Partie 3 : L’intégration est la troisième étape de la relation fondée sur une volonté politique renforcée soit par un soutien actif de la hiérarchie de l’université (Luxembourg), soit par des relations université-industrie à travers les incubateurs technologiques (États-Unis), soit par la coopération pour pouvoir offrir des programmes sur un modèle commun (Danemark et Suède). L’Espagne fait de grands efforts mais reste encore au stade antérieur. Bien qu’au stade 3 de la relation université-entrepreneuriat, l’enseignement de l’entrepreneuriat demeure toujours récent dans ces pays mais couvre le champ de l’entrepreneuriat bien au-delà de la création d’entreprise.

En conclusion, les auteurs évoquent deux questions pour l’avenir et pour enrichir cette relation. La première a trait à l’évaluation des actions et des structures qui demeure faible et cela renvoie à une autre question qui est de savoir quoi évaluer : les résultats ou les processus ? La seconde question tient au positionnement de l’entrepreneuriat. Doit-il être simplement un processeur d’information ou peut-il devenir un processeur de connaissances ? Et de quelle manière peut-on gérer ce positionnement au sein de l’université ?
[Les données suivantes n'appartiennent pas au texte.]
(* Let $\mathbf{k}$ be an algebraically closed field of prime characteristic $p$, and let $R(p)$ be the Radford algebra over $\mathbf{k}$. Then for every positive integer $n$, the $n$-th higher Frobenius–Schur indicator of $R(p)$ is \[ \nu_n(R(p))=\begin{cases} 1 & \text{if } n\not\equiv 0 \pmod p,\\ 0 & \text{if } n\equiv 0 \pmod p.\end{cases} \]
   Context: The Radford algebra $R(p)$ is the Hopf algebra over $\mathbf{k}$ generated as an algebra by $g,x$ subject to the relations $g^p=1$, $x^p=x$, $gx-xg=g^2-g$ if $p>2$, and $g^2=1$, $x^2=x$, $gx-xg=1-g$ if $p=2$; its coalgebra structure is given by $\Delta(g)=g\otimes g$, $\Delta(x)=x\otimes 1+g\otimes x$, $\varepsilon(g)=1$, $\varepsilon(x)=0$. It has dimension $p^2$ with basis $\{g^ix^j : 0\le i,j\le p-1\}$. For a finite-dimensional Hopf algebra $H$ with multiplication $m$, comultiplication $\Delta$, counit $\varepsilon$ and antipode $S$: let $\Delta^{(1)}=\mathrm{id}$, $\Delta^{(n)}=(\Delta^{(n-1)}\otimes\mathrm{id})\circ\Delta$ for $n\ge 2$, let $m^{(n)}(h_1\otimes\cdots\otimes h_n)=h_1\cdots h_n$, and define the Sweedler power maps $P_0(h)=\varepsilon(h)1_H$ and $P_n=m^{(n)}\circ\Delta^{(n)}$ for $n\ge1$. The $n$-th (higher Frobenius–Schur) indicator of $H$ is $\nu_n(H)=\mathrm{Tr}(S\circ P_{n-1})\in\mathbf{k}$, the trace of the linear map $S\circ P_{n-1}:H\to H$. *)

(* Finite-dimensional Hopf algebra notions written in
   coordinates with respect to a fixed basis (no tensor products in MathComp). *)
From HB Require Import structures.
From mathcomp Require Import all_boot all_order all_algebra.
From mathcomp Require Import falgebra.
Set Implicit Arguments. Unset Strict Implicit. Unset Printing Implicit Defensive.
Import Order.TTheory GRing.Theory.
Local Open Scope ring_scope.

Section Coordinates.
Variables (k : fieldType) (H : falgType k) (B : finType) (b : B -> H).

Definition basisT : #|B|.-tuple H := [tuple b (enum_val i) | i < #|B|].
Definition crd (beta : B) (h : H) : k := coord basisT (enum_rank beta) h.

(* Elements of H (x) H are represented by their coefficient functions
   u : B -> B -> k, meaning  sum_{beta,gamma} u beta gamma  b beta (x) b gamma. *)
Definition pt2 (h1 h2 : H) : B -> B -> k := fun be ga => crd be h1 * crd ga h2.
Definition tadd2 (u v : B -> B -> k) : B -> B -> k := fun be ga => u be ga + v be ga.
(* multiplication of H (x) H : (a (x) c)(a' (x) c') = a a' (x) c c' *)
Definition tmul2 (u v : B -> B -> k) : B -> B -> k := fun be ga =>
  \sum_(b1 : B) \sum_(c1 : B) \sum_(b2 : B) \sum_(c2 : B)
     u b1 c1 * v b2 c2 * crd be (b b1 * b b2) * crd ga (b c1 * b c2).
Definition tone2 : B -> B -> k := pt2 1 1.
Definition tpow2 (u : B -> B -> k) (m : nat) : B -> B -> k := iter m (tmul2 u) tone2.

(* Delta^{(n)} in coordinates, for a comultiplication Delta given in coordinates:
   DeltaN m h s = coefficient of  b s_1 (x) ... (x) b s_{m+1}  in Delta^{(m+1)}(h).
   Delta^{(1)} = id ;  Delta^{(n)} = (Delta^{(n-1)} (x) id) o Delta. *)
Fixpoint DeltaN (Delta : H -> B -> B -> k) (m : nat) (h : H) (s : seq B) : k :=
  match m with
  | 0 => if s is [:: be] then crd be h else 0
  | m'.+1 =>
      match rev s with
      | l :: rs => \sum_(be : B) Delta h be l * DeltaN Delta m' (b be) (rev rs)
      | [::] => 0
      end
  end.

Definition prodB (s : seq B) : H := \prod_(be <- s) b be.

(* Sweedler power maps: P_0 = eps(.) 1,  P_n = m^{(n)} o Delta^{(n)} *)
Definition Pw (Delta : H -> B -> B -> k) (eps : H -> k) (n : nat) (h : H) : H :=
  match n with
  | 0 => eps h *: 1
  | m.+1 => \sum_(s : m.+1.-tuple B) DeltaN Delta m h s *: prodB s
  end.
En effet, une des leçons de cet ouvrage est que l’entrepreneuriat est un enseignement récent à l’université et que, de ce fait, il continue à se construire. De plus, il est assez dépendant de la place que les gouvernements veulent accorder à l’entrepreneuriat. Cette dernière remarque permet de mieux comprendre le fait que l’enseignement de l’entrepreneuriat encore aujourd’hui est le plus souvent centré sur la création d’entreprise et pas complètement sur l’entrepreneuriat au sens large. On en est encore à l’enseignement « for entrepreneurship » et non « about entrepreneurship ».
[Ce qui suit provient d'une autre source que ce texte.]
Lemma HK_integrable_mult_continuous g m a b w W : a <= b ->
  HK_integral g a b w -> HK_integral (fun x => Rabs (g x)) a b W ->
  (forall x, a <= x <= b -> forall eta, 0 < eta -> exists rho, 0 < rho /\
     forall t, a <= t <= b -> Rabs (t - x) < rho -> Rabs (m t - m x) <= eta) ->
  exists v, HK_integral (fun x => m x * g x) a b v.
Proof.
  intros Hab Hg HW Hm.
  apply HK_integral_cauchy; auto. intros eps Heps.
  pose proof (Rabs_pos W) as HWp.
  set (e := eps / (2 * (b - a + 1))).
  set (eta := eps / (4 * (Rabs W + 1))).
  assert (He : 0 < e) by (apply Rdiv_lt_0_compat; lra).
  assert (Heta : 0 < eta) by (apply Rdiv_lt_0_compat; lra).
  destruct (gauge_induction
     (rsum_oscillation_le (fun t => m t * g t) (fun t => eta * Rabs (g t)) e) a b)
     as [d0 [Hd0 H0]]; auto.
  { intros u c v Hc1 Hc2. apply rsum_oscillation_le_concat; lra. }
  { intros x Hx. destruct (Hm x Hx eta Heta) as [rho [Hrho Hr]].
    exists rho; split; auto. intros u v Hu Hv Hxu Hxv.
    apply (rsum_oscillation_le_near_const g m (m x) eta e a b w); try lra; auto.
    intros t Ht. apply Hr; [lra|apply Rabs_lt_iff; lra]. }
  destruct (HW 1 ltac:(lra)) as [dW [HdW HW1]].
  exists (fun x => Rmin (d0 x) (dW x)); split; [intros x; apply Rmin_glb_lt; auto|].
  intros P Q HP HQ.
  specialize (H0 P Q (fine_tdiv_min_l _ _ _ _ _ HP) (fine_tdiv_min_l _ _ _ _ _ HQ)).
  pose proof (HW1 P (fine_tdiv_min_r _ _ _ _ _ HP)) as WP.
  pose proof (HW1 Q (fine_tdiv_min_r _ _ _ _ _ HQ)) as WQ.
  rewrite !rsum_scal in H0.
  apply Rabs_lt_iff in WP; apply Rabs_lt_iff in WQ.
  assert (eta * (rsum (fun t => Rabs (g t)) a P + rsum (fun t => Rabs (g t)) a Q)
            <= eta * (2 * (Rabs W + 1))).
  { apply Rmult_le_compat_l; [lra|]. pose proof (Rle_abs W). lra. }
  assert (eta * (2 * (Rabs W + 1)) = eps / 2) by (unfold eta; field; lra).
  assert (e * (b - a) <= eps / 2).
  { apply Rle_trans with (e * (b - a + 1)); [apply Rmult_le_compat_l; lra|].
    right; unfold e; field; lra. }
  apply Rabs_le_iff in H0; apply Rabs_le_iff; lra.
Qed.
Ce livre est très intéressant en tant que point daté de la situation de la relation entre l’université et l’entrepreneuriat dans un certain nombre de pays. Cependant, il amène quelques remarques. Tout d’abord, il aurait été instructif de situer les pays par rapport au classement du GEM (ou autre source), même si ces classements sont critiqués par certains, car cela aurait pu mettre en relief les disparités des situations grâce à quelques indicateurs. Il s’agit d’un tour d’horizon de différents pays comme il est rappelé en introduction, mais on peut regretter les différences d’approches entre les chapitres et les pays. Parfois, on a une vraie vision globale du pays et de son évolution, ce qui est très intéressant mais, dans d’autres cas, l’intérêt s’est plus focalisé sur une région, ce qui en limite la portée et s’approche plus des « bonnes pratiques » que d’une vision globale. Enfin, ces différences perturbent les comparaisons. On aurait apprécié qu’à la fin de chaque chapitre, les sites Internet consultés et les sites majeurs soient indiqués.
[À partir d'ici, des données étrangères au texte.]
(* For every typed DAG task $G=(V,E,\gamma,c)$ and every platform with $M_s\ge 1$ cores of each type $s\in S$, \[ \max_{\pi}\Big(len(\pi)+\sum_{s\in S}\sum_{v\in\mathrm{ivs}(\pi,s)}\frac{c(v)}{M_s}\Big)\;\le\; len(\hat G)+\sum_{s\in S}\frac{vol_s(G)}{M_s}, \] (maximum over paths $\pi$ of $G$), and there exist typed DAG tasks and platforms for which the inequality is strict.
   Context: A typed DAG task is $G=(V,E,\gamma,c)$ where $(V,E)$ is a finite directed acyclic graph with a unique source and a unique sink, $S$ is a finite set of core types, $\gamma:V\to S$ gives the type of each vertex, and $c:V\to\mathbb{R}_{\ge0}$ gives the WCET of each vertex. $vol_s(G)=\sum_{u\in V,\gamma(u)=s}c(u)$; for a path $\pi$, $len(\pi)=\sum_{u\in\pi}c(u)$. The scaled graph $\hat G$ has the same vertices, edges and types as $G$ with weights $\hat c(v)=c(v)(1-1/M_{\gamma(v)})$, and $len(\hat G)$ is its longest path length w.r.t. $\hat c$. $\mathrm{ans}(u)$, $\mathrm{des}(u)$ denote ancestors and descendants of $u$. For $v\in V$, $\mathrm{par}(v)=\{u\in V: u\ne v,\ \gamma(u)=\gamma(v),\ u\notin \mathrm{ans}(v)\cup\mathrm{des}(v)\}$; for a path $\pi=(\tau_1,\dots,\tau_k)$, $\mathrm{ivs}(\pi,s)=\bigcup_{i:\gamma(\tau_i)=s}\mathrm{par}(\tau_i)$. (The left side is the bound NEW-B-2, the right side NEW-B-1; the paper states ''NEW-B-2 strictly dominates NEW-B-1''.) *)

From mathcomp Require Import all_boot all_order all_algebra.
Set Implicit Arguments. Unset Strict Implicit. Unset Printing Implicit Defensive.
Import Order.TTheory GRing.Theory Num.Theory.
Local Open Scope ring_scope.

Section TypedDAG.
Variables (R : realFieldType) (V S : finType).
Implicit Types (e : rel V) (gamma : V -> S) (c : V -> R) (M : S -> nat).

Definition is_path e (p : seq V) : bool :=
  if p is x :: p' then path e x p' else false.

Definition acyclic e : bool :=
  [forall x, forall y, e x y ==> ~~ connect e y x].

Definition sources e : {set V} := [set v | [forall u, ~~ e u v]].
Definition sinks e : {set V} := [set v | [forall u, ~~ e v u]].

Definition typed_dag e : bool :=
  [&& acyclic e, #|sources e| == 1%N & #|sinks e| == 1%N].

Definition par e gamma (v : V) : {set V} :=
  [set u | [&& u != v, gamma u == gamma v, ~~ connect e u v & ~~ connect e v u]].

Definition ivs e gamma (p : seq V) (s : S) : {set V} :=
  \bigcup_(x <- p | gamma x == s) par e gamma x.

Definition plen (w : V -> R) (p : seq V) : R := \sum_(x <- p) w x.

(* maximum of f over all paths of G (paths in a DAG have at most #|V|
   vertices; the default 0 is harmless since all values are >= 0). *)
Definition maxpath e (f : seq V -> R) : R :=
  \big[Num.max/0]_(n < #|V|.+1)
     \big[Num.max/0]_(t : n.-tuple V | is_path e t) f t.

Definition vol gamma c (s : S) : R := \sum_(u | gamma u == s) c u.

(* scaled weights of \hat G *)
Definition chat gamma c M (v : V) : R := c v * (1 - ((M (gamma v))%:R)^-1).

Definition len_hat e gamma c M : R := maxpath e (plen (chat gamma c M)).

Definition newB2 e gamma c M : R :=
  maxpath e (fun p => plen c p +
     \sum_(s : S) \sum_(v in ivs e gamma p s) c v / (M s)%:R).

Definition newB1 e gamma c M : R :=
  len_hat e gamma c M + \sum_(s : S) vol gamma c s / (M s)%:R.

End TypedDAG.

From mathcomp Require Import all_boot all_order all_algebra.
From mathcomp Require Import lra.
Set Implicit Arguments. Unset Strict Implicit. Unset Printing Implicit Defensive.
Import Order.TTheory GRing.Theory Num.Theory.
Local Open Scope ring_scope.

(* Split every weight as c(v) = ĉ(v) + c(v)/M_γ(v). Along a path π the ĉ-part is
   at most len(Ĝ). For each type s, the vertices of π of type s and the set
   ivs(π, s) are disjoint, because any two vertices of a path are comparable
   whereas a vertex of par(x) is incomparable with x; both consist of vertices
   of type s, so their weights add up to at most vol_s(G).
   For strictness take the diamond 0 -> {1, 2} -> 3 with four distinct types,
   one core of each type and unit weight on 1 and 2 only: ivs is always empty
   and every path misses 1 or 2, so NEW-B-2 = 1 < 2 = NEW-B-1. *)

Section PathFacts.
Variables (V : finType) (e : rel V).

Lemma connect_rank_le (r : V -> nat) :
  (forall x y, e x y -> (r x < r y)%N) ->
  forall x y, connect e x y -> (r x <= r y)%N.
Proof.
move=> r_lt x y /connectP[p xp ->] {y}.
elim: p x xp => [|z p IHp] x //= /andP[/r_lt lt_xz /IHp].
exact/leq_trans/ltnW.
Qed.

Lemma acyclic_rank (r : V -> nat) :
  (forall x y, e x y -> (r x < r y)%N) -> acyclic e.
Proof.
move=> r_lt; apply/forallP => x; apply/forallP => y; apply/implyP => exy.
by apply/negP => /(connect_rank_le r_lt); rewrite leqNgt r_lt.
Qed.

Lemma is_path_uniq p : acyclic e -> is_path e p -> uniq p.
Proof.
move=> acyc; case: p => // x p; elim: p x => [|y p IHp] x //= /andP[exy yp].
have /= -> := IHp y yp; rewrite andbT; apply/negP => xp.
have cyx : connect e y x := path_connect yp xp.
by move/forallP: acyc => /(_ x) /forallP /(_ y); rewrite exy cyx.
Qed.

Lemma is_path_comparable p :
  is_path e p -> {in p &, forall y z, connect e y z || connect e z y}.
Proof.
case: p => // x p; elim: p x => [|w p IHp] x xp y z.
  by rewrite !inE => /eqP-> /eqP->; rewrite connect0.
have xc := path_connect xp.
rewrite inE => /predU1P[-> zp | yp]; first by rewrite xc.
rewrite inE => /predU1P[-> | zp]; first by rewrite xc ?orbT // inE yp orbT.
by case/andP: xp => _ /IHp; apply.
Qed.

Variable R : realFieldType.
Implicit Type f : seq V -> R.

Lemma maxpath_ge0 f : 0 <= maxpath e f.
Proof. exact: bigmax_ge_id. Qed.

Lemma maxpath_le f B :
  0 <= B -> (forall p, is_path e p -> f p <= B) -> maxpath e f <= B.
Proof. by move=> B0 fB; apply: bigmax_le => // n _; apply: bigmax_le => // t /fB. Qed.

Lemma le_maxpath f p : is_path e p -> (size p <= #|V|)%N -> f p <= maxpath e f.
Proof.
move=> pp; rewrite -ltnS => lt_pV.
apply: le_trans (le_bigmax _ _ (Ordinal lt_pV)).
exact: (le_bigmax_cond 0 (fun t : (size p).-tuple V => f t) (j := in_tuple p) pp).
Qed.

Lemma plen_le_sum_notin (c : V -> R) p a :
  (forall v, 0 <= c v) -> uniq p -> a \notin p -> plen c p <= \sum_(v | v != a) c v.
Proof.
move=> c0 up ap; rewrite /plen big_uniq // big_mkcond [X in _ <= X]big_mkcond.
apply: ler_sum => v _; case: ifPn => [vp | _]; last by case: ifP.
by rewrite ifT //; apply: contraNneq ap => <-.
Qed.

End PathFacts.

Section NewBounds.
Variables (R : realFieldType) (V S : finType) (e : rel V) (gamma : V -> S).
Implicit Types (c : V -> R) (M : S -> nat) (p : seq V).

Lemma ivsP p s v :
  reflect (exists2 x, (gamma x == s) && (x \in p) & v \in par e gamma x)
          (v \in ivs e gamma p s).
Proof.
rewrite /ivs -big_filter bigcup_seq.
apply: (iffP bigcupP) => -[x xp vx]; exists x => //.
  by rewrite mem_filter in xp.
by rewrite mem_filter.
Qed.

Lemma ivs_type p s v : v \in ivs e gamma p s -> gamma v = s.
Proof. by case/ivsP=> x /andP[/eqP <- _]; rewrite inE => /and4P[_ /eqP]. Qed.

Lemma ivs_notin_path p s v : is_path e p -> v \in ivs e gamma p s -> v \notin p.
Proof.
move=> pp /ivsP[x /andP[_ xp]]; rewrite inE => /and4P[_ _ /negbTE nvx /negbTE nxv].
by apply/negP => vp; have := is_path_comparable pp vp xp; rewrite nvx nxv.
Qed.

Lemma ivs_injective p s : injective gamma -> ivs e gamma p s = set0.
Proof.
move=> inj_gamma; apply/setP => v; rewrite inE; apply/ivsP => -[x _].
by rewrite inE => /and4P[/eqP vx /eqP /inj_gamma].
Qed.

Lemma sum_path_ivs_le_vol c p s :
  (forall v, 0 <= c v) -> is_path e p -> uniq p ->
  \sum_(x <- p | gamma x == s) c x + \sum_(v in ivs e gamma p s) c v <= vol gamma c s.
Proof.
move=> c0 pp up; rewrite -big_filter big_uniq ?filter_uniq //=.
rewrite /vol big_mkcond [X in _ + X]big_mkcond [X in _ <= X]big_mkcond -big_split /=.
apply: ler_sum => v _; rewrite mem_filter.
have [vi | _] := boolP (v \in ivs e gamma p s).
  by rewrite (negbTE (ivs_notin_path pp vi)) andbF (ivs_type vi) eqxx add0r.
by rewrite addr0; case: (gamma v == s); case: (v \in p).
Qed.

Lemma plen_split c M p :
  plen c p = plen (chat gamma c M) p + \sum_(x <- p) c x / (M (gamma x))%:R.
Proof. by rewrite /plen -big_split /=; apply: eq_bigr => x _; rewrite /chat mulrBr mulr1 subrK. Qed.

Lemma path_newB2_le c M p :
  acyclic e -> (forall v, 0 <= c v) -> is_path e p ->
  plen c p + \sum_s \sum_(v in ivs e gamma p s) c v / (M s)%:R
  <= plen (chat gamma c M) p + \sum_s vol gamma c s / (M s)%:R.
Proof.
move=> acyc c0 pp; rewrite (plen_split c M) -addrA lerD2l.
rewrite (partition_big gamma xpredT) //= -big_split /=; apply: ler_sum => s _.
rewrite (eq_bigr (fun x => c x / (M s)%:R)) => [|x /eqP-> //].
rewrite -!mulr_suml -mulrDl; apply: ler_wpM2r; first by rewrite invr_ge0.
exact: sum_path_ivs_le_vol (is_path_uniq acyc pp).
Qed.

Lemma newB2_le_newB1 c M :
  acyclic e -> (forall v, 0 <= c v) -> newB2 e gamma c M <= newB1 e gamma c M.
Proof.
move=> acyc c0; apply: maxpath_le => [|p pp].
  rewrite addr_ge0 ?maxpath_ge0 // sumr_ge0 // => s _.
  by rewrite divr_ge0 // sumr_ge0.
apply: le_trans (path_newB2_le M acyc c0 pp) _; rewrite lerD2r.
apply: le_maxpath => //; move/card_uniqP: (is_path_uniq acyc pp) => <-.
exact: max_card.
Qed.

Lemma len_hat_unit_cores c M : (forall s, M s = 1%N) -> len_hat e gamma c M = 0.
Proof.
move=> M1; apply/le_anti; rewrite maxpath_ge0 andbT.
apply: maxpath_le => // p _; rewrite /plen big1 // => x _.
by rewrite /chat M1 mulr1n invr1 subrr mulr0.
Qed.

End NewBounds.

Section Diamond.
Variable R : realFieldType.

Definition diamond : rel 'I_4 := fun i j =>
  [|| (i == 0 :> nat) && (j == 1 :> nat), (i == 0 :> nat) && (j == 2 :> nat),
      (i == 1 :> nat) && (j == 3 :> nat) | (i == 2 :> nat) && (j == 3 :> nat)].

Definition diamond_weight (i : 'I_4) : R :=
  if (i == 1 :> nat) || (i == 2 :> nat) then 1 else 0.

Local Notation v1 := (Ordinal (isT : (1 < 4)%N)).
Local Notation v2 := (Ordinal (isT : (2 < 4)%N)).

Lemma diamond_rank (r : nat -> nat) :
  (r 0 < r 1)%N -> (r 0 < r 2)%N -> (r 1 < r 3)%N -> (r 2 < r 3)%N ->
  forall i j, diamond i j -> (r i < r j)%N.
Proof. by move=> r01 r02 r13 r23 i j /or4P[] /andP[/eqP-> /eqP->]. Qed.

Lemma diamond_acyclic : acyclic diamond.
Proof. exact: (acyclic_rank (diamond_rank (r := id) isT isT isT isT)). Qed.

Lemma diamond_incomparable : ~~ connect diamond v1 v2 && ~~ connect diamond v2 v1.
Proof.
pose swap12 := nth 0 [:: 0; 2; 1; 3]%N.
apply/andP; split; apply/negP.
  by move/(connect_rank_le (diamond_rank (r := swap12) isT isT isT isT)).
by move/(connect_rank_le (diamond_rank (r := id) isT isT isT isT)).
Qed.

Lemma diamond_sources : sources diamond = [set ord0].
Proof.
apply/setP => -[[|[|[|[|n]]]] lt_n4] //; rewrite !inE.
- by apply/forallP => u; rewrite /diamond /= !andbF.
- by apply/negbTE/forallPn; exists ord0.
- by apply/negbTE/forallPn; exists ord0.
- by apply/negbTE/forallPn; exists v1.
Qed.

Lemma diamond_sinks : sinks diamond = [set ord_max].
Proof.
apply/setP => -[[|[|[|[|n]]]] lt_n4] //; rewrite !inE.
- by apply/negbTE/forallPn; exists v1.
- by apply/negbTE/forallPn; exists ord_max.
- by apply/negbTE/forallPn; exists ord_max.
- by apply/forallP => u; rewrite /diamond /=.
Qed.

Lemma diamond_typed_dag : typed_dag diamond.
Proof. by rewrite /typed_dag diamond_acyclic diamond_sources diamond_sinks !cards1. Qed.

Lemma diamond_weight_ge0 i : 0 <= diamond_weight i.
Proof. by rewrite /diamond_weight; case: ifP. Qed.

Lemma diamond_weight_sum : \sum_i diamond_weight i = 2.
Proof. by rewrite !big_ord_recl big_ord0 /diamond_weight /= !add0r addr0. Qed.

Lemma diamond_path_misses p : is_path diamond p -> (v1 \notin p) || (v2 \notin p).
Proof.
move=> pp; rewrite -negb_and; apply/negP => /andP[v1p v2p].
have := is_path_comparable pp v1p v2p.
by case/andP: diamond_incomparable => /negbTE-> /negbTE->.
Qed.

Lemma diamond_newB2_le1 : newB2 diamond id diamond_weight (fun=> 1%N) <= 1.
Proof.
apply: maxpath_le => // p pp.
rewrite big1 ?addr0 => [|s _]; last by rewrite ivs_injective ?big_set0.
have up := is_path_uniq diamond_acyclic pp.
have sum_notin a : diamond_weight a = 1 -> \sum_(v | v != a) diamond_weight v = 1.
  by move=> wa; move: diamond_weight_sum; rewrite (bigD1 a) //= wa; lra.
by case/orP: (diamond_path_misses pp) => ap;
  apply: le_trans (plen_le_sum_notin diamond_weight_ge0 up ap) _; rewrite sum_notin.
Qed.

Lemma diamond_newB1_eq2 : newB1 diamond id diamond_weight (fun=> 1%N) = 2.
Proof.
rewrite /newB1 len_hat_unit_cores // add0r -diamond_weight_sum.
by apply: eq_bigr => s _; rewrite divr1 /vol big_pred1_eq.
Qed.

End Diamond.

Theorem corollary3 (R : realFieldType) :
  (forall (V S : finType) (e : rel V) (gamma : V -> S) (c : V -> R)
          (M : S -> nat),
     typed_dag e -> (forall v, 0 <= c v) -> (forall s, (1 <= M s)%N) ->
     newB2 e gamma c M <= newB1 e gamma c M) /\
  (exists (V S : finType) (e : rel V) (gamma : V -> S) (c : V -> R)
          (M : S -> nat),
     [/\ typed_dag e, (forall v, 0 <= c v), (forall s, (1 <= M s)%N) &
         newB2 e gamma c M < newB1 e gamma c M]).
Proof.
split.
  move=> V S e gamma c M /and3P[acyc _ _] c0 _.
  exact: newB2_le_newB1.
exists 'I_4, 'I_4, diamond, id, (diamond_weight R), (fun _ => 1%N).
split=> //; first exact: diamond_typed_dag.
  exact: diamond_weight_ge0.
by rewrite diamond_newB1_eq2; apply: le_lt_trans (diamond_newB2_le1 R) _; rewrite ltr1n.
Qed.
Le style entre les chapitres est un peu différent (parfois plus théorique, parfois plus descriptif) mais cela est la loi du genre des ouvrages collectifs et de fait retrace assez fidèlement le degré de réflexion par rapport au problème de l’enseignement de l’entrepreneuriat dans les différents pays. Le classement en trois parties d’égale importance paraît plus un effet de style qu’une réalité. Reprendre le classement de Reynaud en deux parties avec à l’intérieur de la seconde partie deux sous-parties aurait peut-être été plus juste pour l’illustration. Deux pays me semblent particulièrement mal placés dans leur catégorie. L’Espagne semble être au début de l’institutionnalisation car il existe encore peu d’offres d’enseignement en entrepreneuriat qui reste une nouveauté malgré la volonté de l’État. En revanche, la Suisse semble être véritablement en phase d’intégration, par le nombre de structures et d’offres, par le rôle de l’État et par le fait que l’enseignement dépasse la création d’entreprise pour être un enseignement de l’entrepreneuriat. On pourrait d’ailleurs aussi évoquer le Bélarus qui pourrait probablement figurer dans la catégorie de l’initialisation car l’enseignement de l’entrepreneuriat n’en est encore qu’aux prémisses.

La production de ce tome 2 quelques années après le tome 1 invite à recommander une actualisation permanente de ce travail pour, d’une part, couvrir tous les pays et, d’autre part, mettre en lumière les évolutions réalisées.